YOUR TASK => The entries below hold a line with "m x -> x \notin small_side" and a line with "1 <= k -> 3 * k <= l". Return those lines and all that lie between them, exactly and only.

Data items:

Lemma no_columns_on_both_sides i j : #|A :&: B| < l ->
  1 <= i <= l -> 1 <= j <= l ->
  (forall x, inQ l phi P i x -> x \in A :\: B) ->
  (forall x, inQ l phi P j x -> x \in B :\: A) -> False.
Proof.
move=> small Hi Hj QA QB.
have inA r c : 1 <= r <= 2 * l -> in_cols i c -> phi r c \notin B :\: A.
  by move=> Hr /(branch_in_column Hi Hr)/QA; rewrite !inE => /andP[/negPf-> ->].
have inB r c : 1 <= r <= 2 * l -> in_cols j c -> phi r c \in B :\: A.
  by move=> Hr /(branch_in_column Hj Hr)/QB.
have [lt_ij|gt_ij|eq_ij] := ltngtP i j.
- suff : l <= #|A :&: B| by lia.
  apply: (leq_card_rows (s := 2)) => t tl.
  apply: (@row_meets_separator _ (2 * j - 1) (2 * i));
    [lia | lia | lia | case: ifP; lia | apply: inB | apply: inA]; unfold in_cols; lia.
- suff : l <= #|A :&: B| by lia.
  apply: (leq_card_rows (s := 1)) => t tl.
  apply: (@row_meets_separator _ (2 * j) (2 * i - 1));
    [lia | lia | lia | case: ifP; lia | apply: inB | apply: inA]; unfold in_cols; lia.
- subst j; have := inA 1 (2 * i) ltac:(lia) (in_cols_out i 1).
  by rewrite (inB 1 (2 * i) ltac:(lia) (in_cols_out i 1)).
Qed.

Lemma free_column_on_side X i j : #|A :&: B| < l -> X = A \/ X = B ->
  1 <= i <= l -> (forall x, inQ l phi P i x -> x \in X :\: (A :&: B)) ->
  1 <= j <= l -> (forall x, inQ l phi P j x -> x \notin A :&: B) ->
  forall x, inQ l phi P j x -> x \in X :\: (A :&: B).
Proof.
move=> small [->|->] Hi Qi Hj free; rewrite setDIr setDv ?set0U ?setU0 in Qi *;
  case: (free_column_one_side Hj free) => // Qj.
- by case: (no_columns_on_both_sides small Hi Hj Qi Qj).
- by case: (no_columns_on_both_sides small Hj Hi Qj Qi).
Qed.

Lemma exists_unique_side : #|A :&: B| < l ->
  exists! X : {set V}, (X = A \/ X = B) /\
    exists i, 1 <= i <= l /\ (forall x, inQ l phi P i x -> x \in X :\: (A :&: B)).
Proof.
move=> small; have [i Hi free] := exists_free_column small.
have [X XAB QX] : exists2 X, X = A \/ X = B &
    forall x, inQ l phi P i x -> x \in X :\: (A :&: B).
  by case: (free_column_one_side Hi free) => Q; [exists A; [left|] | exists B; [right|]];
    rewrite // setDIr setDv ?set0U ?setU0.
exists X; split; first by split; last exists i.
move=> Y [YAB [j [Hj QY]]].
have v := branch_in_column Hi (r := 1) ltac:(lia) (in_cols_out i 1).
exact: side_unique XAB YAB (QX _ v) (free_column_on_side small YAB Hj QY Hi free v).
Qed.

Lemma free_column_off_small_side o i j : #|A :&: B| < l ->
  1 <= i <= l -> (forall x, inQ l phi P i x -> x \in big_side o A B :\: (A :&: B)) ->
  1 <= j <= l -> (forall x, inQ l phi P j x -> x \notin A :&: B) ->
  forall x, inQ l phi P j x -> x \notin small_side o A B.
Proof.
move=> small Hi Qi Hj free x Qx; apply: small_side_notin.
exact: free_column_on_side small (big_side_cases o A B) Hi Qi Hj free x Qx.
Qed.

End Separated.

Lemma wall_tangle k o : 3 * k <= l ->
  (forall A B : {set V}, inSk E k A B -> exists i, 1 <= i <= l /\
     (forall x, inQ l phi P i x -> x \in big_side o A B :\: (A :&: B))) ->
  is_tangle E k o.
Proof.
move=> lk big A1 B1 A2 B2 A3 B3 S1 S2 S3 cover.
set Z := A1 :&: B1 :|: A2 :&: B2 :|: A3 :&: B3.
have [m Hm freeZ] : exists2 m, 1 <= m <= l & forall x, inQ l phi P m x -> x \notin Z.
  by apply: exists_free_column; case: S1 S2 S3 => [_ ?] [_ ?] [_ ?]; rewrite /Z !cardsU; lia.
have off A B : inSk E k A B -> A :&: B \subset Z ->
    forall x, inQ l phi P m x -> x \notin small_side o A B.
  move=> S sub; have [i [Hi Qi]] := big A B S; case: S => sepAB ABk.
  apply: (free_column_off_small_side sepAB _ Hi Qi Hm); first lia.
  by move=> x /freeZ; apply: contra; apply: (subsetP sub).
have v := branch_in_column Hm (r := 1) ltac:(lia) (in_cols_out m 1).
move/setP/(_ (phi 1 (col_out m 1))): cover; rewrite !in_setU in_setT.
by rewrite !(negbTE (off _ _ _ _ _ v)) // /Z; apply/subsetP => x xAB; rewrite !in_setU xAB ?orbT.
Qed.

End Wall.

Theorem lemma9p2 (V : finType) (E : rel V) (k l : nat)
    (phi : nat -> nat -> V) (P : nat -> nat -> nat -> nat -> seq V) :
  1 <= k -> 3 * k <= l -> cyl_wall E l phi P ->
  (forall A B : {set V}, inSk E k A B ->
     exists! X : {set V}, (X = A \/ X = B) /\
       exists i, 1 <= i <= l /\
         (forall x, inQ l phi P i x -> x \in X :\: (A :&: B)))
  /\
  (forall o : {set V} -> {set V} -> bool,
     (forall A B : {set V}, inSk E k A B ->
        exists i, 1 <= i <= l /\
          (forall x, inQ l phi P i x -> x \in big_side o A B :\: (A :&: B))) ->
     is_tangle E k o).
Proof.
move=> _ lk W; split=> [A B [sepAB ABk] | o big].
- by apply: (exists_unique_side W sepAB); lia.
- exact: (wall_tangle W lk big).
Qed.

RESULT FOR THIS TASK =>
    forall x, inQ l phi P m x -> x \notin small_side o A B.
  move=> S sub; have [i [Hi Qi]] := big A B S; case: S => sepAB ABk.
  apply: (free_column_off_small_side sepAB _ Hi Qi Hm); first lia.
  by move=> x /freeZ; apply: contra; apply: (subsetP sub).
have v := branch_in_column Hm (r := 1) ltac:(lia) (in_cols_out m 1).
move/setP/(_ (phi 1 (col_out m 1))): cover; rewrite !in_setU in_setT.
by rewrite !(negbTE (off _ _ _ _ _ v)) // /Z; apply/subsetP => x xAB; rewrite !in_setU xAB ?orbT.
Qed.

End Wall.

Theorem lemma9p2 (V : finType) (E : rel V) (k l : nat)
    (phi : nat -> nat -> V) (P : nat -> nat -> nat -> nat -> seq V) :
  1 <= k -> 3 * k <= l -> cyl_wall E l phi P ->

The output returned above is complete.